Pakistan: Platform Economy Regulations


As specified on Uber website, the drivers are considered “independent contractors”.9

Therefore, the general labour legislation is not applicable to them. The Uber drivers are regulated by the contract/partnership agreement which is concluded between the parties. The provisions of such contracts must be in line with the guidelines for contracts as specified in the Contracts Act, 1872 and the Code of Civil Procedure, 1908. Similar is the case of Careem (another ride hailing service in Pakistan).
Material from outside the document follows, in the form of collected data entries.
(* Let $\mathbb{X}$ be a real or complex Banach algebra with identity, $\mathcal{G}$ its group of units, $k\ge1$ an integer, and $g_n:\mathbb{X}\to\mathbb{X}$ ($n\ge0$) functions with $|g_n(\xi)|\le\sigma|\xi|$ for all $\xi\in\mathbb{X}$, all $n$, for some real $\sigma>0$. Let $a_0,\dots,a_k\in\mathbb{X}$ with $a_k\ne0$ and $b\in\mathcal{G}$ with $|b|<1$. Suppose $$a_0b^k+a_1b^{k-1}+\cdots+a_k=b^{k+1}$$ and $$\sum_{i=0}^{k-1}\big|b^{i+1}-a_0b^i-a_1b^{i-1}-\cdots-a_i\big|<1-\sigma.$$ Then every solution of $$x_{n+1}=a_0x_n+a_1x_{n-1}+\cdots+a_kx_{n-k}+g_n(x_n-bx_{n-1}),\quad n\ge0,$$ with initial values in $\mathbb{X}$ converges to $0$.
   Context: A Banach algebra with identity is a Banach space $\mathbb{X}$ (norm $|\cdot|$) with an associative bilinear multiplication satisfying $|xy|\le|x||y|$ and identity $1$ with $|1|=1$; $\mathcal{G}$ is the set of invertible elements. *)

From Stdlib Require Import Reals.
Open Scope R_scope.

(* A real Banach algebra with identity (a complex Banach algebra is in
   particular a real one by restriction of scalars, with the same norm,
   product and identity). *)
Record BanachAlgebra := {
  carrier :> Type;
  bzero : carrier;
  bone : carrier;
  badd : carrier -> carrier -> carrier;
  bopp : carrier -> carrier;
  bmul : carrier -> carrier -> carrier;
  bscal : R -> carrier -> carrier;
  bnorm : carrier -> R;
  badd_assoc : forall x y z, badd x (badd y z) = badd (badd x y) z;
  badd_comm : forall x y, badd x y = badd y x;
  badd_zero : forall x, badd x bzero = x;
  badd_opp : forall x, badd x (bopp x) = bzero;
  bscal_one : forall x, bscal 1 x = x;
  bscal_assoc : forall c d x, bscal c (bscal d x) = bscal (c * d) x;
  bscal_addl : forall c d x, bscal (c + d) x = badd (bscal c x) (bscal d x);
  bscal_addr : forall c x y, bscal c (badd x y) = badd (bscal c x) (bscal c y);
  bnorm_ge0 : forall x, 0 <= bnorm x;
  bnorm_eq0 : forall x, bnorm x = 0 -> x = bzero;
  bnorm_triangle : forall x y, bnorm (badd x y) <= bnorm x + bnorm y;
  bnorm_scal : forall c x, bnorm (bscal c x) = Rabs c * bnorm x;
  bcomplete : forall u : nat -> carrier,
    (forall eps, eps > 0 -> exists N, forall m n, (m >= N)%nat -> (n >= N)%nat ->
        bnorm (badd (u m) (bopp (u n))) < eps) ->
    exists l, forall eps, eps > 0 -> exists N, forall n, (n >= N)%nat ->
        bnorm (badd (u n) (bopp l)) < eps;
  bmul_assoc : forall x y z, bmul x (bmul y z) = bmul (bmul x y) z;
  bmul_addl : forall x y z, bmul (badd x y) z = badd (bmul x z) (bmul y z);
  bmul_addr : forall x y z, bmul x (badd y z) = badd (bmul x y) (bmul x z);
  bmul_scall : forall c x y, bmul (bscal c x) y = bscal c (bmul x y);
  bmul_scalr : forall c x y, bmul x (bscal c y) = bscal c (bmul x y);
  bmul_onel : forall x, bmul bone x = x;
  bmul_oner : forall x, bmul x bone = x;
  bnorm_mul : forall x y, bnorm (bmul x y) <= bnorm x * bnorm y;
  bnorm_one : bnorm bone = 1
}.
(* For every $\omega>0$, $$\|\mathcal F_\omega^{-1}\mathcal R\|_2<\frac{2\sqrt{\omega^2+\nu^2}}{\omega},$$ where $\nu$ is the largest diagonal entry of $D$.
   Context: Let $M\ge 1$ be an integer and let $I$ denote an identity matrix of the appropriate size. Let $T\in\mathbb R^{M\times M}$ be real symmetric positive definite. Let $D=\operatorname{diag}(d_1,\dots,d_M)$ with $d_j\ge0$, and $\nu=\max_j d_j$. Define the block matrices in $\mathbb R^{2M\times 2M}$: $$\mathcal R=\begin{bmatrix} I & T-D\\ D-T & I\end{bmatrix},\qquad \mathcal T=\begin{bmatrix} I & T\\ -T & I\end{bmatrix},\qquad \mathcal D=\begin{bmatrix} 0 & -D\\ D & 0\end{bmatrix}.$$ Thus $\mathcal R=\mathcal T+\mathcal D$. For $\omega>0$, the NASS preconditioner is $$\mathcal F_\omega=\tfrac{1}{2\omega}(\omega I+\mathcal T)(\omega I+\mathcal D).$$ *)

From HB Require Import structures.
From mathcomp Require Import all_boot all_order all_algebra.
From mathcomp Require Import classical_sets reals.
Set Implicit Arguments. Unset Strict Implicit. Unset Printing Implicit Defensive.
Import Order.TTheory GRing.Theory Num.Theory.
Local Open Scope ring_scope.
Local Open Scope classical_set_scope.

Section Defs.
Variable R : realType.

Definition vnorm2 n (x : 'cV[R]_n) : R := Num.sqrt (\sum_i (x i 0) ^+ 2).

Definition opnorm2 m n (A : 'M[R]_(m, n)) : R :=
  sup [set r : R | exists2 x : 'cV[R]_n, x != 0 & r = vnorm2 (A *m x) / vnorm2 x].

Variable M : nat.

Definition Dmat (d : 'rV[R]_M) : 'M[R]_M := diag_mx d.

(* nu = max_j d_j  (d_j >= 0, M >= 1, so starting the max at 0 is harmless) *)
Definition nu (d : 'rV[R]_M) : R := \big[Num.max/0]_(j < M) d 0 j.

Definition calR (T : 'M[R]_M) (d : 'rV[R]_M) : 'M[R]_(M + M) :=
  block_mx 1%:M (T - Dmat d) (Dmat d - T) 1%:M.

Definition calT (T : 'M[R]_M) : 'M[R]_(M + M) :=
  block_mx 1%:M T (- T) 1%:M.

Definition calD (d : 'rV[R]_M) : 'M[R]_(M + M) :=
  block_mx 0 (- Dmat d) (Dmat d) 0.

Definition NASS_F (T : 'M[R]_M) (d : 'rV[R]_M) (omega : R) : 'M[R]_(M + M) :=
  (2 * omega)^-1 *: ((omega%:M + calT T) *m (omega%:M + calD d)).

End Defs.

(* Write [calT = 1 + S] with [S] skew-symmetric (as [T] is symmetric); [calD] is
   skew-symmetric too, and [calR = calT + calD].  With [P = w + calT] and
   [Q = w + calD] one has [P Q - (w - calT)(w - calD) = 2 w calR], hence
   [F^-1 calR = 1 - Q^-1 (w - calT) P^-1 (w - calD)].  For skew [S],
   [|(a + S) y|^2 = a^2 |y|^2 + |S y|^2], which gives [|Q^-1| <= 1/w],
   [|w - calD| <= sqrt (w^2 + nu^2)] and, with [K] bounding [|S|^2],
   [|(w - calT) P^-1|^2 <= ((w - 1)^2 + K) / ((w + 1)^2 + K) < 1].  So the
   norm is below [1 + sqrt (w^2 + nu^2) / w <= 2 sqrt (w^2 + nu^2) / w]. *)

From HB Require Import structures.
From mathcomp Require Import all_boot all_order all_algebra.
From mathcomp Require Import classical_sets reals.
From mathcomp Require Import ring lra.
Import Order.TTheory GRing.Theory Num.Theory.
Set Implicit Arguments. Unset Strict Implicit. Unset Printing Implicit Defensive.
Local Open Scope ring_scope.

Section SquaredNorm.
Variable R : realType.
Implicit Types (n : nat) (a k : R).

Definition sqnorm n (x : 'cV[R]_n) : R := \sum_i x i 0 ^+ 2.
Definition cvdot n (x y : 'cV[R]_n) : R := (x^T *m y) 0 0.

Lemma cvdotE n (x y : 'cV[R]_n) : cvdot x y = \sum_i x i 0 * y i 0.
Proof. by rewrite /cvdot mxE; apply: eq_bigr => i _; rewrite mxE. Qed.

Lemma sqnorm_ge0 n (x : 'cV[R]_n) : 0 <= sqnorm x.
Proof. by apply: sumr_ge0 => i _; rewrite sqr_ge0. Qed.

Lemma sqnorm_eq0 n (x : 'cV[R]_n) : (sqnorm x == 0) = (x == 0).
Proof.
apply/idP/eqP => [|->]; last by rewrite /sqnorm big1 // => i _; rewrite mxE expr0n.
rewrite psumr_eq0 => [/allP x0|i _]; last exact: sqr_ge0.
apply/matrixP => i j; rewrite (ord1 j) mxE.
by apply/eqP; rewrite -sqrf_eq0; exact: x0 (mem_index_enum _).
Qed.

Lemma sqnorm_gt0 n (x : 'cV[R]_n) : (0 < sqnorm x) = (x != 0).
Proof. by rewrite lt_def sqnorm_ge0 sqnorm_eq0 andbT. Qed.

Lemma sqnormD n (x y : 'cV[R]_n) :
  sqnorm (x + y) = sqnorm x + 2 * cvdot x y + sqnorm y.
Proof.
rewrite /sqnorm cvdotE mulr_sumr -!big_split /=.
by apply: eq_bigr => i _; rewrite mxE; ring.
Qed.

Lemma sqnormZ n a (x : 'cV[R]_n) : sqnorm (a *: x) = a ^+ 2 * sqnorm x.
Proof. by rewrite /sqnorm mulr_sumr; apply: eq_bigr => i _; rewrite mxE; ring. Qed.

Lemma sqnormN n (x : 'cV[R]_n) : sqnorm (- x) = sqnorm x.
Proof. by rewrite -scaleN1r sqnormZ sqrrN expr1n mul1r. Qed.

Lemma sqnorm_col_mx n1 n2 (u : 'cV[R]_n1) (v : 'cV[R]_n2) :
  sqnorm (col_mx u v) = sqnorm u + sqnorm v.
Proof.
by rewrite /sqnorm big_split_ord; congr (_ + _); apply: eq_bigr => i _;
  rewrite ?col_mxEu ?col_mxEd.
Qed.

Lemma cvdotZl n a (x y : 'cV[R]_n) : cvdot (a *: x) y = a * cvdot x y.
Proof. by rewrite /cvdot linearZ /= -scalemxAl mxE. Qed.

(* [y^T S y] is a [1 x 1] matrix, hence equal to its transpose [- y^T S y]. *)
Lemma cvdot_skew n (S : 'M[R]_n) (y : 'cV[R]_n) :
  S^T = - S -> cvdot y (S *m y) = 0.
Proof.
move=> skewS; set u := y^T *m (S *m y).
have uN : u^T = - u.
  by rewrite /u !trmx_mul trmxK skewS mulmxN mulNmx mulmxA.
have : u^T 0 0 = (- u) 0 0 by rewrite uN.
rewrite [u^T _ _]mxE [(- u) _ _]mxE /cvdot -/u => /eqP.
by rewrite -addr_eq0 -mulr2n mulrn_eq0 => /eqP.
Qed.

Lemma sqnorm_shift_skew n a (S : 'M[R]_n) (y : 'cV[R]_n) : S^T = - S ->
  sqnorm ((a%:M + S) *m y) = a ^+ 2 * sqnorm y + sqnorm (S *m y).
Proof.
move=> skewS; rewrite mulmxDl mul_scalar_mx sqnormD cvdotZl cvdot_skew //.
by rewrite sqnormZ; ring.
Qed.

Lemma sqr_sum_le n (z : 'I_n -> R) : (\sum_i z i) ^+ 2 <= n%:R * \sum_i z i ^+ 2.
Proof.
have -> : (\sum_i z i) ^+ 2 = \sum_i \sum_j z i * z j.
  by rewrite expr2 mulr_suml; apply: eq_bigr => i _; rewrite mulr_sumr.
apply: (@le_trans _ _ (\sum_i \sum_(j < n) (z i ^+ 2 / 2 + z j ^+ 2 / 2))).
  by apply: ler_sum => i _; apply: ler_sum => j _; have := sqr_ge0 (z i - z j); lra.
under eq_bigr do rewrite big_split /= sumr_const card_ord.
rewrite big_split /= sumr_const card_ord sumrMnl -big_distrl /=.
by rewrite -mulrnDl -splitr mulr_natl.
Qed.

Lemma sqnorm_mulmx_le m n (A : 'M[R]_(m, n)) :
  exists2 K, 0 < K & forall y, sqnorm (A *m y) <= K * sqnorm y.
Proof.
set K0 := n%:R * \sum_i \sum_j A i j ^+ 2.
have K0ge0 : 0 <= K0.
  rewrite mulr_ge0 ?ler0n ?sumr_ge0 // => i _.
  by rewrite sumr_ge0 // => j _; rewrite sqr_ge0.
exists (K0 + 1) => [|y]; first lra.
apply: (@le_trans _ _ (K0 * sqnorm y)); last first.
  by rewrite ler_wpM2r ?sqnorm_ge0 ?lerDl.
rewrite /sqnorm -mulrA mulr_suml mulr_sumr; apply: ler_sum => i _.
rewrite mxE; apply: (le_trans (sqr_sum_le _)).
rewrite ler_wpM2l ?ler0n // mulr_sumr; apply: ler_sum => j _.
rewrite exprMn ler_wpM2r ?sqr_ge0 //.
by rewrite (bigD1 j) //= lerDl sumr_ge0 // => l _; rewrite sqr_ge0.
Qed.

(* The cross term is split as [2 x e <= k x^2 + e^2 / k]. *)
Lemma sqnormD_le n k (x e : 'cV[R]_n) : 0 < k ->
  sqnorm e <= k ^+ 2 * sqnorm x -> sqnorm (x + e) <= (1 + k) ^+ 2 * sqnorm x.
Proof.
move=> k_gt0 ek.
have cross : 2 * cvdot x e <= k * sqnorm x + sqnorm e / k.
  rewrite cvdotE /sqnorm !mulr_sumr big_distrl -big_split /=.
  apply: ler_sum => i _; set a := x i 0; set b := e i 0.
  have -> : k * a ^+ 2 + b ^+ 2 / k = (k * a - b) ^+ 2 / k + 2 * (a * b).
    by field; rewrite gt_eqF.
  by rewrite lerDr divr_ge0 ?sqr_ge0 ?(ltW k_gt0).
have ek' : sqnorm e / k <= k * sqnorm x by rewrite ler_pdivrMr // mulrAC -expr2.
rewrite sqnormD; have := sqnorm_ge0 x; nra.
Qed.

Lemma vnorm2_ratio_le n k (x v : 'cV[R]_n) : x != 0 -> 0 < k ->
  sqnorm (v - x) <= k ^+ 2 * sqnorm x -> vnorm2 v / vnorm2 x <= 1 + k.
Proof.
rewrite -sqnorm_gt0 => x_gt0 k_gt0 /(sqnormD_le k_gt0); rewrite addrC subrK => vx.
rewrite ler_pdivrMr ?sqrtr_gt0 // -[1 + k]ger0_norm; last lra.
by rewrite -sqrtr_sqr -sqrtrM ?sqr_ge0 // ler_wsqrtr.
Qed.

Lemma unitmx_col_inj n (A : 'M[R]_n) :
  (forall x : 'cV[R]_n, A *m x = 0 -> x = 0) -> A \in unitmx.
Proof.
move=> Ainj; rewrite unitmxE unitfE -det_tr; apply/det0P => -[v v0 vA].
have : v^T = 0 by apply: Ainj; rewrite -[A]trmxK -trmx_mul vA trmx0.
by move/eqP; rewrite trmx_eq0 (negPf v0).
Qed.

Lemma skew_shift_unitmx n a (S : 'M[R]_n) : a != 0 -> S^T = - S ->
  a%:M + S \in unitmx.
Proof.
move=> a0 skewS; apply: unitmx_col_inj => y /eqP.
rewrite -sqnorm_eq0 sqnorm_shift_skew // => /eqP Sy0.
have ay : a ^+ 2 * sqnorm y <= 0 by have := sqnorm_ge0 (S *m y); lra.
apply/eqP; rewrite -sqnorm_eq0 eq_le sqnorm_ge0 andbT.
have a2 : 0 < a ^+ 2 by rewrite exprn_even_gt0.
by rewrite -(pmulr_rle0 _ a2).
Qed.

Lemma opnorm2_le m n (A : 'M[R]_(m, n)) c : (0 < n)%N ->
  (forall x, x != 0 -> vnorm2 (A *m x) / vnorm2 x <= c) -> opnorm2 A <= c.
Proof.
move=> n_gt0 Ac; apply: ge_sup => [|_ [x x0 ->]]; last exact: Ac.
pose u : 'cV[R]_n := const_mx 1.
have u0 : u != 0.
  by apply/eqP => /matrixP /(_ (Ordinal n_gt0) 0); rewrite !mxE; apply/eqP/oner_neq0.
by exists (vnorm2 (A *m u) / vnorm2 u), u.
Qed.

(* For skew [S] the two factors have squared norms [(w -+ 1)^2 |y|^2 + |S y|^2];
   their ratio is increasing in [|S y|^2 <= K |y|^2] and is therefore uniformly
   bounded away from 1. *)
Lemma sqnorm_cayley_le n w K (S : 'M[R]_n) (y : 'cV[R]_n) :
  0 < w -> S^T = - S -> sqnorm (S *m y) <= K * sqnorm y ->
  sqnorm (((w - 1)%:M - S) *m y) * ((w + 1) ^+ 2 + K)
    <= ((w - 1) ^+ 2 + K) * sqnorm (((w + 1)%:M + S) *m y).
Proof.
move=> w_gt0 skewS SK.
have skewNS : (- S)^T = - - S by rewrite linearN /= skewS.
rewrite !sqnorm_shift_skew // mulNmx sqnormN.
have : 0 <= (K * sqnorm y - sqnorm (S *m y)) * (4 * w) by apply: mulr_ge0; lra.
nra.
Qed.

End SquaredNorm.

Section ShiftedProduct.
Variables (K : fieldType) (n : nat) (w : K) (A B : 'M[K]_n).

Lemma shift_mul_sub :
  (w%:M + A) *m (w%:M + B) - (w%:M - A) *m (w%:M - B) = (2 * w) *: (A + B).
Proof.
rewrite !mulmxDl !mulmxDr !mulmxN !mulNmx !mul_scalar_mx !mul_mx_scalar.
by apply/matrixP => i j; rewrite !mxE; ring.
Qed.

(* With [P = w + A], [Q = w + B], [F = (2 w)^-1 P Q], the identity above gives
   [F^-1 (A + B) = 1 - Q^-1 P^-1 (w - A) (w - B)], and [P^-1] commutes with
   [w - A]. *)
Lemma shift_residual (x : 'cV[K]_n) :
  2 * w != 0 -> w%:M + A \in unitmx -> w%:M + B \in unitmx ->
  (w%:M + B) *m ((invmx ((2 * w)^-1 *: ((w%:M + A) *m (w%:M + B))) *m (A + B)) *m x - x)
    = - ((w%:M - A) *m (invmx (w%:M + A) *m ((w%:M - B) *m x))).
Proof.
move=> w2 Pu Qu.
set P := w%:M + A; set Q := w%:M + B; set F := (2 * w)^-1 *: (P *m Q).
have Fu : F \in unitmx by rewrite unitmxZ ?unitmx_mul ?Pu ?Qu // unitfE invr_eq0.
have PQF : P *m Q = (2 * w) *: F by rewrite scalerA mulfV ?scale1r.
have PP' : comm_mx P (w%:M - A).
  apply: comm_mxB; first exact: comm_mx_scalar.
  by apply/comm_mx_sym/comm_mxD; [exact: comm_mx_scalar | exact: comm_mx_refl].
rewrite -[LHS](mulKmx Pu) -[RHS](mulKmx Pu); congr (_ *m _).
rewrite mulmxN !mulmxA PP' -[_ *m invmx P]mulmxA mulmxV // mulmx1.
rewrite mulmxBr !mulmxA {1}PQF -scalemxAl mulmxV // -scalemxAl mul1mx.
by rewrite -shift_mul_sub -/P -/Q mulmxBl addrAC subrr add0r.
Qed.

End ShiftedProduct.

Section NASS.
Variables (R : realType) (M : nat) (T : 'M[R]_M) (d : 'rV[R]_M).
Hypotheses (symT : T^T = T) (d_ge0 : forall j, 0 <= d 0 j).

Lemma nu_ge j : d 0 j <= nu d.
Proof. by rewrite /nu (bigD1 j) //= le_max lexx. Qed.

Lemma nu_ge0 : 0 <= nu d.
Proof. by rewrite /nu; elim/big_ind: _ => // x y x0 _; rewrite le_max x0. Qed.

Definition calS : 'M[R]_(M + M) := block_mx 0 T (- T) 0.

Lemma calS_skew : calS^T = - calS.
Proof.
rewrite /calS tr_block_mx opp_block_mx !trmx0 !oppr0 linearN /= symT.
by rewrite opprK.
Qed.

Lemma calT_split : calT T = 1%:M + calS.
Proof. by rewrite /calT /calS (scalar_mx_block M M 1) add_block_mx !addr0 !add0r. Qed.

Lemma calD_skew : (calD d)^T = - calD d.
Proof.
rewrite /calD tr_block_mx opp_block_mx !trmx0 !oppr0 linearN /= /Dmat tr_diag_mx.
by rewrite opprK.
Qed.

Lemma calR_split : calR T d = calT T + calD d.
Proof. by rewrite /calR /calT /calD add_block_mx !addr0 [- T + _]addrC. Qed.

Lemma sqnorm_calD_le (x : 'cV[R]_(M + M)) :
  sqnorm (calD d *m x) <= nu d ^+ 2 * sqnorm x.
Proof.
have Dle (w : 'cV[R]_M) : sqnorm (Dmat d *m w) <= nu d ^+ 2 * sqnorm w.
  rewrite /sqnorm /Dmat mulr_sumr; apply: ler_sum => i _.
  rewrite mul_diag_mx mxE exprMn ler_wpM2r ?sqr_ge0 // ler_sqr ?nnegrE ?nu_ge //.
  exact: nu_ge0.
rewrite -[x]vsubmxK /calD mul_block_col !mul0mx add0r addr0 mulNmx.
by rewrite !sqnorm_col_mx sqnormN mulrDr addrC lerD.
Qed.

Lemma NASS_error_le (omega : R) : 0 < omega ->
  exists2 c, 0 < c < 1 & forall x : 'cV[R]_(M + M),
  omega ^+ 2 * sqnorm ((invmx (NASS_F T d omega) *m calR T d) *m x - x)
    <= c * (omega ^+ 2 + nu d ^+ 2) * sqnorm x.
Proof.
move=> omega_gt0; have [K K_gt0 SK] := sqnorm_mulmx_le calS.
set a := (omega - 1) ^+ 2 + K; set b := (omega + 1) ^+ 2 + K.
have a_gt0 : 0 < a by rewrite /a; have := sqr_ge0 (omega - 1); lra.
have b_gt0 : 0 < b by rewrite /b; have := sqr_ge0 (omega + 1); lra.
exists (a / b) => [|x].
  rewrite divr_gt0 //= ltr_pdivrMr // mul1r /a /b ltrD2r.
  by rewrite -subr_gt0 (_ : _ - _ = 4 * omega) ?mulr_gt0 //; ring.
have eP : omega%:M + calT T = (omega + 1)%:M + calS.
  by rewrite calT_split addrA -raddfD.
have eP' : omega%:M - calT T = (omega - 1)%:M - calS.
  by rewrite calT_split opprD addrA -raddfB.
have Pu : omega%:M + calT T \in unitmx.
  by rewrite eP skew_shift_unitmx ?calS_skew // gt_eqF //; lra.
have Qu : omega%:M + calD d \in unitmx.
  by rewrite skew_shift_unitmx ?calD_skew // gt_eqF.
have skewND : (- calD d)^T = - - calD d by rewrite linearN /= calD_skew.
rewrite calR_split.
apply: (le_trans (y := sqnorm ((omega%:M + calD d) *m
  ((invmx (NASS_F T d omega) *m (calT T + calD d)) *m x - x)))).
  by rewrite sqnorm_shift_skew ?calD_skew // lerDl sqnorm_ge0.
rewrite shift_residual // ?mulf_neq0 ?pnatr_eq0 ?gt_eqF // sqnormN.
set y := invmx _ *m _.
have Py : (omega%:M + calT T) *m y = (omega%:M - calD d) *m x by rewrite mulKVmx.
have Q'x : sqnorm ((omega%:M - calD d) *m x) <= (omega ^+ 2 + nu d ^+ 2) * sqnorm x.
  by rewrite sqnorm_shift_skew // mulNmx sqnormN mulrDl lerD2l sqnorm_calD_le.
rewrite -mulrA; apply: le_trans (ler_wpM2l (divr_ge0 (ltW a_gt0) (ltW b_gt0)) Q'x).
rewrite -Py eP' eP mulrAC ler_pdivlMr //.
exact: sqnorm_cayley_le omega_gt0 calS_skew (SK y).
Qed.

End NASS.

Theorem mainTheorem8 (R : realType) (M : nat) (T : 'M[R]_M) (d : 'rV[R]_M)
    (omega : R) :
  (0 < M)%N ->
  T^T = T ->
  (forall x : 'cV[R]_M, x != 0 -> 0 < (x^T *m T *m x) 0 0) ->
  (forall j : 'I_M, 0 <= d 0 j) ->
  0 < omega ->
  opnorm2 (invmx (NASS_F T d omega) *m calR T d)
    < 2 * Num.sqrt (omega ^+ 2 + nu d ^+ 2) / omega.
Proof.
move=> M_gt0 symT _ d_ge0 omega_gt0.
have [c /andP[c_gt0 c_lt1] err] := NASS_error_le symT d_ge0 omega_gt0.
set s2 := omega ^+ 2 + nu d ^+ 2.
have omega2_gt0 : 0 < omega ^+ 2 by rewrite exprn_gt0.
have s2_gt0 : 0 < s2 by rewrite /s2; have := sqr_ge0 (nu d); lra.
set k := Num.sqrt (c * s2) / omega.
have k_gt0 : 0 < k by rewrite divr_gt0 // sqrtr_gt0 mulr_gt0.
apply: (@le_lt_trans _ _ (1 + k)).
  apply: opnorm2_le => [|x x0]; first by rewrite addn_gt0 M_gt0.
  apply: vnorm2_ratio_le => //.
  rewrite expr_div_n sqr_sqrtr ?(mulr_ge0 (ltW c_gt0) (ltW s2_gt0)) //.
  rewrite [c * s2 / _ * _]mulrAC.
  by rewrite ler_pdivlMr // [_ * omega ^+ 2]mulrC err.
have omega_le : omega <= Num.sqrt s2.
  by rewrite -(ger0_norm (ltW omega_gt0)) -sqrtr_sqr ler_wsqrtr // lerDl sqr_ge0.
have cs2_lt : Num.sqrt (c * s2) < Num.sqrt s2.
  by rewrite ltr_sqrt // gtr_pMl.
rewrite /k ltr_pdivlMr // mulrDl mul1r divfK ?gt_eqF //.
lra.
Qed.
On the other hand, Foodpanda (a food delivery service) treats food delivery persons as employees (part time or full time employees). Thus, the Foodpanda workers fall under the local labour legislation.10

Gig economy issues in Pakistan

Gig economy issues in Pakistan: long working hours (12-14 hours per day) to be eligible for bonuses and make decent living especially in view of the initial investment on the vehicle; long wait for work; limited work since supply outpaces demand thus leading to long working hours; low fare rates. There are security issues as well; two ride hailing service drivers were killed in 2017-18 during a late night drop-off. There have also been complaints of sexual harassment by the women passengers against the drivers. The drivers with these ride hailing firms have been complaining of low profits and a lack of grievance registration mechanisms.